11. Word segmentation: a type of sequence labeling task. For languages such as Chinese and Japanese where there are no spaces between words when writing, the word segmentation model can segment sentences at the word level and predict the category labels such as the lexical and syntactic structures of the words. The word segmentation model trained in this solution also involves predicting the extended forms of words that do not conform to the standard (for example: pronunciation spelling, cognates, easily confused words, etc.).

The sample construction method, device, electronic device and readable storage medium provided in the embodiments of the present application are described in detail below with reference to the accompanying drawings through specific embodiments and their application scenarios.

Existing machine translation methods usually use large-scale bilingual parallel corpus training samples to train translation models and generate translations based on the distribution of real corpus.

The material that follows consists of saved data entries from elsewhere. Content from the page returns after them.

Lemma edge_estimate_exists : 0 <= T -> exists2 K, 0 <= K & edge_estimate K.
Proof.
move=> T0; set B := `|b| + `|c|; set h := (2 * B + 1)^-1.
have B0 : 0 <= B by rewrite addr_ge0.
have h0 : 0 < h by rewrite invr_gt0; lra.
have hB : h * B <= 1 / 2.
  have : h * (2 * B + 1) = 1 by rewrite mulVf // gt_eqF //; lra.
  lra.
set N := Num.Def.archi_bound (T / h).
have TN : T <= N%:R * h.
  by rewrite -ler_pdivrMr //; apply/ltW/archi_boundP; rewrite divr_ge0 // ltW.
exists (3 ^+ N * (1 + h)); first by rewrite mulr_ge0 ?exprn_ge0 //; lra.
move=> u g w s P ug mr hr s0 P0 u0 hw t /andP[t0 tT].
rewrite -mulrA; apply: (edge_sup_pow (n := N) T0 ug mr hr hw s0 P0 h0 hB u0).
- by rewrite t0.
- exact: le_trans TN.
Qed.

End EdgeEstimate.

Lemma finite_uniform_bound (disp : Order.disp_t) (X : orderType disp) (x0 : X)
    (Q : nat -> X -> Prop) (m : nat) :
  (forall j x y, (x <= y)%O -> Q j x -> Q j y) ->
  (forall j, (1 <= j <= m)%N -> exists x, Q j x) ->
  exists2 x, (x0 <= x)%O & forall j, (1 <= j <= m)%N -> Q j x.
Proof.
move=> Qmono; elim: m => [|m IH] hQ.
  by exists x0 => // j /andP[j1 /(leq_trans j1)].
have [x1 x01 hx1] : exists2 x, (x0 <= x)%O & forall j, (1 <= j <= m)%N -> Q j x.
  by apply: IH => j /andP[j1 jm]; apply: hQ; rewrite j1 ltnW.
have [x2 hx2] := hQ m.+1 (leqnn _).
exists (Order.max x1 x2); first by rewrite le_max x01.
move=> j /andP[j1]; rewrite leq_eqVlt => /predU1P[->|jm].
  by apply: Qmono hx2; rewrite le_max lexx orbT.
by apply: Qmono (hx1 j _); rewrite ?le_max ?lexx // j1.
Qed.

Lemma tree_d_le_m m d k : tree_data m d k -> (d <= m)%N.
Proof.
case=> [_ [_ [_ [_ hs]]]].
have sub : {subset iota 1 d <= map k (iota 1 m)}.
  move=> i; rewrite mem_iota add1n ltnS => hi.
  have [j [hj <-]] := hs i hi.
  by apply: map_f; rewrite mem_iota add1n ltnS.
by have := uniq_leq_size (iota_uniq 1 d) sub; rewrite size_iota size_map size_iota.
Qed.

Lemma tree_parent_edge m d k j : tree_data m d k -> (2 <= j <= m)%N -> (1 <= k j <= m)%N.
Proof.
move=> td /(proj1 (proj2 (proj2 td))) /andP[k1 kd].
by rewrite k1 (leq_trans kd (tree_d_le_m td)).
Qed.

Lemma tree_depth_bound m d k : tree_data m d k ->
  exists N, forall j, (1 <= j <= m)%N -> exists2 n, (n <= N)%N & iter n k j = 0%N.
Proof.
case=> [_ [_ [_ [hroot _]]]].
suff [N _ hN] : exists2 N : nat, (0%N <= N)%O &
    forall j, (1 <= j <= m)%N -> exists2 n, (n <= N)%N & iter n k j = 0%N.
  by exists N.
apply: (@finite_uniform_bound _ _ 0%N
    (fun j N => exists2 n, (n <= N)%N & iter n k j = 0%N))
  => [j N N' NN' [n nN hn]|j /hroot [n hn]].
- by exists n => //; exact: leq_trans NN'.
- by exists n, n.
Qed.

Section ExtendedSums.
Variable R : realType.
Local Open Scope ereal_scope.

Lemma lee_sum_nat_term (F : nat -> \bar R) (m j : nat) :
  (forall i, 0 <= F i) -> (1 <= j <= m)%N -> F j <= \sum_(1 <= i < m.+1) F i.
Proof.
move=> F0 jm; rewrite (bigD1_seq j) ?mem_index_iota ?iota_uniq //=.
by apply: leeDl; exact: sume_ge0.
Qed.

Lemma lee_sum_nat_split (F G : nat -> \bar R) (Z : nat -> R) (m : nat) :
  (forall i, (1 <= i <= m)%N -> F i <= G i + G i + (Z i)%:E) ->
  \sum_(1 <= i < m.+1) F i <= \sum_(1 <= i < m.+1) G i + \sum_(1 <= i < m.+1) G i
     + (\sum_(1 <= i < m.+1) Z i)%:E.
Proof.
move=> hF; rewrite -sumEFin -!big_split /= big_nat_cond [leRHS]big_nat_cond.
by apply: lee_sum => i /andP[/andP[i1 im] _]; apply: hF; rewrite i1.
Qed.

Lemma lee_of_sqr_bounds (X J : \bar R) (Z : R) : 0 <= J -> (0 <= Z)%R ->
  (forall s, (0 < s)%R -> J <= (s ^+ 2)%:E -> X <= J + J + (Z * s ^+ 2)%:E) ->
  X <= (2 + Z)%:E * J.
Proof.
move=> J0 Z0 hX.
have [Jfin|Jinf] := boolP (J \is a fin_num); last first.
  have -> : J = +oo by apply/eqP; rewrite -leye_eq leNgt -ge0_fin_numE.
  by rewrite gt0_muley ?leey // lte_fin; lra.
rewrite -(fineK Jfin) -EFinM; set F := fine J.
have F0 : (0 <= F)%R by rewrite -lee_fin fineK.
apply/lee_addgt0Pr => e e0.
set e' := (e / (Z + 1))%R.
have e'0 : (0 < e')%R by rewrite divr_gt0 //; lra.
have Ze' : (Z * e' <= e)%R.
  rewrite /e' mulrA ler_pdivrMr; last by lra.
  lra.
have Fe0 : (0 <= F + e')%R by lra.
apply: le_trans (hX (Num.sqrt (F + e')) _ _) _.
- by rewrite sqrtr_gt0; lra.
- by rewrite sqr_sqrtr // -(fineK Jfin) lee_fin lerDl ltW.
rewrite sqr_sqrtr // -(fineK Jfin) -!EFinD lee_fin.
rewrite -/F; lra.
Qed.

End ExtendedSums.

Lemma energy_le_residual (R : realType) (T b c M : R) (u g w : R -> R) :
  0 <= T -> 0 <= M ->
  measurable_fun `[0, T] u -> measurable_fun `[0, T] g ->
  measurable_fun `[0, T] (fun y => g y + b * u y + c * w y) ->
  (forall t, 0 <= t <= T -> `|u t| <= M) ->
  (forall t, 0 <= t <= T -> `|w t| <= M) ->
  (\int[lebesgue_measure]_(t in `[0%R, T]%classic) ((u t) ^+ 2 + (g t) ^+ 2)%:E <=
   \int[lebesgue_measure]_(t in `[0%R, T]%classic) ((g t + b * u t + c * w t) ^+ 2)%:E
   + \int[lebesgue_measure]_(t in `[0%R, T]%classic) ((g t + b * u t + c * w t) ^+ 2)%:E
   + (T * (M ^+ 2 + 2 * ((`|b| + `|c|) * M) ^+ 2))%:E)%E.
Proof.
move=> T0 M0 mfu mfg mfr hu hw.
set C := M ^+ 2 + 2 * ((`|b| + `|c|) * M) ^+ 2.
have C0 : 0 <= C by rewrite addr_ge0 ?mulr_ge0 ?sqr_ge0.
have mi : measurable `[0, T] by exact: measurable_itv.
set r2 := fun t => ((g t + b * u t + c * w t) ^+ 2)%:E.
have r20 t : `[0, T]%classic t -> (0 <= r2 t)%E by rewrite lee_fin sqr_ge0.
have mr2 : measurable_fun `[0, T] r2 by apply/measurable_EFinP; exact: measurable_funX.
have cst0 t : `[0, T]%classic t -> (0 <= (cst C%:E : R -> \bar R) t)%E by rewrite lee_fin.
have -> : ((T * C)%:E = \int[lebesgue_measure]_(t in `[0%R, T]%classic) (cst C%:E) t)%E.
  rewrite integral_cst // mulrC EFinM; congr (_ * _)%E.
  exact: esym (etrans (lebesgue_measure_itv_cc T0) (congr1 EFin (subr0 T))).
rewrite -(ge0_integralD lebesgue_measure mi r20 mr2 r20 mr2).
rewrite -(ge0_integralD lebesgue_measure mi _ (emeasurable_funD mr2 mr2) cst0
    (measurable_cst _)); last by move=> t ht; rewrite adde_ge0 ?r20.
apply: ge0_le_integral => //.
- by move=> t _; rewrite lee_fin addr_ge0 // sqr_ge0.
- by apply/measurable_EFinP; apply: measurable_funD; exact: measurable_funX.
- by apply: emeasurable_funD => //; exact: emeasurable_funD.
move=> t; rewrite /= in_itv /= => ht; rewrite /r2 -!EFinD lee_fin.
set f := g t + b * u t + c * w t.
have hg : `|g t| <= `|f| + (`|b| + `|c|) * M.
  apply: le_trans (norm_le_residual (g t) (u t) (w t) b c) _.
  by rewrite -addrA lerD2l mulrDl lerD // ler_wpM2l // ?hu ?hw.
have hu2 : u t ^+ 2 <= M ^+ 2.
  by rewrite -real_normK ?num_real // ler_pXn2r ?nnegrE ?hu.
have hg2 : g t ^+ 2 <= (`|f| + (`|b| + `|c|) * M) ^+ 2.
  by rewrite -real_normK ?num_real // ler_pXn2r ?nnegrE ?addr_ge0 ?mulr_ge0.
have := sqr_ge0 (`|f| - (`|b| + `|c|) * M).
rewrite -[f ^+ 2]real_normK ?num_real // /C.
nra.
Qed.

Lemma measurable_fun_shift (R : realType) (D F : set R) (u : R -> R) (r : R) :
  measurable D -> measurable F -> measurable_fun F u ->
  (forall t, D t -> F (t + r)) -> measurable_fun D (fun t => u (t + r)).
Proof.
move=> mD mF mu DF; apply: (measurable_comp mF _ mu) => //.
- by move=> _ [t Dt <-]; exact: DF.
- exact: measurable_funD.
Qed.

Definition depth_const (R : realType) (K : R) (n : nat) : R :=
  iter n (fun x => K * (1 + x)) 0.

Lemma depth_const_ge0 (R : realType) (K : R) n : 0 <= K -> 0 <= depth_const K n.
Proof.
move=> K0; elim: n => [|n IH] //=.
by rewrite mulr_ge0 // addr_ge0.
Qed.

Lemma depth_const_le (R : realType) (K : R) n n' : 0 <= K -> (n <= n')%N ->
  depth_const K n <= depth_const K n'.
Proof.
move=> K0 nn'; apply: ((nondecreasing_seqP (depth_const K)).1 _ _ _ nn') => {nn'} n.
elim: n => [|n IH] /=; first by rewrite mulr_ge0 // addr_ge0.
by rewrite ler_wpM2l // lerD2l.
Qed.

Section Tree.
Variables (R : realType) (m d : nat) (k : nat -> nat) (T : nat -> R) (tau : R).
Variables (b c : nat -> R) (v g : nat -> R -> R).
Local Notation mu := (@lebesgue_measure R).
Hypothesis td : tree_data m d k.
Hypothesis tau_ge0 : 0 <= tau.
Hypothesis tau_lt_T : forall j, (1 <= j <= m)%N -> tau < T j.
Hypothesis vW : in_W m d k T tau v.
Hypothesis vg : forall j, (1 <= j <= m)%N -> weak_deriv 0 (T j) (v j) (g j).
(* [sarea p1 p2 p3 = sarea p2 p3 p4] says that p1p4 is parallel to p2p3, and the
   sign condition that p1 - p4 points against p3 - p2. *)
Lemma isosceles_trapezoid (p1 p2 p3 p4 : R * R) :
  p2 <> p3 ->
  sarea p1 p2 p3 = sarea p2 p3 p4 ->
  0 < sarea p2 p3 p4 * sarea p3 p4 p1 ->
  sqdist p1 p3 = sqdist p2 p4 ->
  sqdist p1 p2 = sqdist p3 p4.
Proof.
  destruct p1 as [x1 y1], p2 as [x2 y2], p3 as [x3 y3], p4 as [x4 y4].
  intros Hne Hpar Hconv Hdiag.
  destruct (collinear_vector (x3 - x2) (y3 - y2) (x1 - x4) (y1 - y4)) as [k [Hx Hy]].
  { intros H; injection H as H H'; apply Hne; f_equal; lra. }
  { unfold sarea in Hpar; cbn in Hpar; lra. }
  assert (Hx1 : x1 = x4 + k * (x3 - x2)) by lra.
  assert (Hy1 : y1 = y4 + k * (y3 - y2)) by lra.
  assert (Harea : sarea (x3, y3) (x4, y4) (x1, y1) = - k * sarea (x2, y2) (x3, y3) (x4, y4))
    by (unfold sarea; cbn; rewrite Hx1, Hy1; field).
  assert (Hk : k < 0) by nra.
  set (P := 2 * ((x3 - x2) * (x4 - x2) + (y3 - y2) * (y4 - y2))
            + (k - 1) * ((x3 - x2) ^ 2 + (y3 - y2) ^ 2)).
  assert (Hdiff13 : sqdist (x1, y1) (x3, y3) - sqdist (x2, y2) (x4, y4) = (k - 1) * P)
    by (unfold sqdist, P; cbn; rewrite Hx1, Hy1; ring).
  assert (Hdiff12 : sqdist (x1, y1) (x2, y2) - sqdist (x3, y3) (x4, y4) = (k + 1) * P)
    by (unfold sqdist, P; cbn; rewrite Hx1, Hy1; ring).
  assert (HP : P = 0).
  { destruct (Rmult_integral (k - 1) P) as [H|H]; lra. }
  rewrite HP in Hdiff12. lra.
Qed.

Lemma sum4_offdiag (h : nat -> R) i :
  is_body i -> sum4 (fun j => if Nat.eqb j i then 0 else h j) = sum4 h - h i.
Proof.
  intros Hi. unfold is_body in Hi.
  destruct i as [|[|[|[|[|i]]]]]; try lia; unfold sum4; cbn; ring.
Qed.
(* Let $D\in\{D_1,D_2,\dots,D_8\}$. For every positive integer $v$ with $v\equiv 7\pmod{14}$, there exists a $D$-decomposition of $K^*_v$.
   Context: $K^*_v$ denotes the complete symmetric digraph of order $v$: it contains both arcs $(x,y)$ and $(y,x)$ for every pair of distinct vertices $x,y$. A $D$-decomposition of a digraph $K$ is a set of subdigraphs of $K$, each isomorphic to $D$, such that every arc of $K$ lies in exactly one of them. For distinct vertices $v_0,\dots,v_6$, the digraphs $D_i[v_0,v_1,\dots,v_6]$ ($i\in[1,8]$) all have vertex set $\{v_0,\dots,v_6\}$ and the following arc sets: $D_1$: $(v_1,v_0),(v_1,v_2),(v_2,v_3),(v_3,v_4),(v_4,v_5),(v_5,v_6),(v_6,v_0)$; $D_2$: $(v_1,v_0),(v_2,v_1),(v_2,v_3),(v_3,v_4),(v_4,v_5),(v_5,v_6),(v_6,v_0)$; $D_3$: $(v_1,v_0),(v_1,v_2),(v_3,v_2),(v_3,v_4),(v_4,v_5),(v_5,v_6),(v_6,v_0)$; $D_4$: $(v_1,v_0),(v_1,v_2),(v_2,v_3),(v_4,v_3),(v_4,v_5),(v_5,v_6),(v_6,v_0)$; $D_5$: $(v_1,v_0),(v_2,v_1),(v_3,v_2),(v_3,v_4),(v_4,v_5),(v_5,v_6),(v_6,v_0)$; $D_6$: $(v_1,v_0),(v_2,v_1),(v_2,v_3),(v_3,v_4),(v_5,v_4),(v_5,v_6),(v_6,v_0)$; $D_7$: $(v_1,v_0),(v_1,v_2),(v_3,v_2),(v_3,v_4),(v_4,v_5),(v_6,v_5),(v_6,v_0)$; $D_8$: $(v_1,v_0),(v_2,v_1),(v_2,v_3),(v_4,v_3),(v_4,v_5),(v_5,v_6),(v_6,v_0)$. $D_i$ also denotes the isomorphism type of $D_i[v_0,\dots,v_6]$. *)

From mathcomp Require Import all_boot.
Set Implicit Arguments. Unset Strict Implicit. Unset Printing Implicit Defensive.

(* A digraph on vertices v_0..v_6 is given by its list of arcs (a,b),
   meaning the arc (v_a, v_b). *)
Definition digraph7 := seq (nat * nat).

Definition D1 : digraph7 := [:: (1,0); (1,2); (2,3); (3,4); (4,5); (5,6); (6,0)].
Definition D2 : digraph7 := [:: (1,0); (2,1); (2,3); (3,4); (4,5); (5,6); (6,0)].
Definition D3 : digraph7 := [:: (1,0); (1,2); (3,2); (3,4); (4,5); (5,6); (6,0)].
Definition D4 : digraph7 := [:: (1,0); (1,2); (2,3); (4,3); (4,5); (5,6); (6,0)].
Definition D5 : digraph7 := [:: (1,0); (2,1); (3,2); (3,4); (4,5); (5,6); (6,0)].
Definition D6 : digraph7 := [:: (1,0); (2,1); (2,3); (3,4); (5,4); (5,6); (6,0)].
Definition D7 : digraph7 := [:: (1,0); (1,2); (3,2); (3,4); (4,5); (6,5); (6,0)].
Definition D8 : digraph7 := [:: (1,0); (2,1); (2,3); (4,3); (4,5); (5,6); (6,0)].

Definition Ds : seq digraph7 := [:: D1; D2; D3; D4; D5; D6; D7; D8].

(* A copy D[f 0, ..., f 6] of D inside K*_v, vertex set 'I_v, given by an
   injective vertex labelling f : 'I_7 -> 'I_v.  [copy_arc D f x y] says that
   (x,y) is an arc of the copy. *)
Definition copy_arc (v : nat) (D : digraph7) (f : {ffun 'I_7 -> 'I_v})
  (x y : 'I_v) : bool :=
  has (fun p : nat * nat => (f (inord p.1) == x) && (f (inord p.2) == y)) D.

Definition is_decomposition (v : nat) (D : digraph7)
  (s : seq {ffun 'I_7 -> 'I_v}) : Prop :=
  all (fun f : {ffun 'I_7 -> 'I_v} => injectiveb f) s /\
  forall x y : 'I_v, x != y -> count (fun f => copy_arc D f x y) s = 1.

(* Identify the vertices of K*_v with Z_7 x Z_m, where m = v/7 = 2k+1.  The
   arcs inside a fibre Z_7 x {j} are covered by a fixed D-decomposition of
   K*_7 copied onto every fibre.  For the arcs between fibres, two base blocks
   put vertex u of D at (A u, level L u) with levels in {0,1,2}; their 14 arcs
   realise every pair (d, sign) of Z_7 x {+,-} exactly once as (difference of
   the A-coordinates, sign of the level jump), and the size of the jump only
   depends on d.  Scaling the levels by s in {1..k} and translating over
   Z_7 x Z_m then covers every arc between fibres exactly once, because, m
   being odd, every nonzero element of Z_m is +-ns for exactly one s when
   n is 1 or 2.  The tables for D_1, ..., D_8 are checked by computation. *)

From mathcomp Require Import all_boot all_algebra zify.
Import GRing.Theory.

However, since the original text in the parallel corpus training samples is usually high-quality standard text, standardization problems such as words being transcribed into pronunciation spelling or cognates rarely occur, and the translation model often does not have access to these non-standard words and does not have the ability to accurately translate them. However, in some specific scenarios, the text input into the translation model may contain non-standard words whose expressions do not conform to conventional grammar. For example, in the language education scenario, as shown in Figure 1, the words in the text may be transcribed into the pronunciation spelling form of the language (such as Chinese pinyin, Japanese kana, etc.) for teaching or examinations; incorrect input by users when typing may also cause pronunciation spelling, typos, cognates, etc. in the text to be translated; in tasks such as image translation and speech translation, the recognition results of front-end modules such as image text recognition and speech recognition may have problems such as glyph similarity errors, glyph similarity errors, and transcoding errors, which may also cause the downstream translation model to receive non-standard text. Therefore, since the text sequences containing these irregular or erroneous words are often not very common sequences, that is, their expressions do not conform to conventional grammatical, lexical or syntactic structures, the translation model usually finds it difficult to correctly translate such irregular or erroneous words.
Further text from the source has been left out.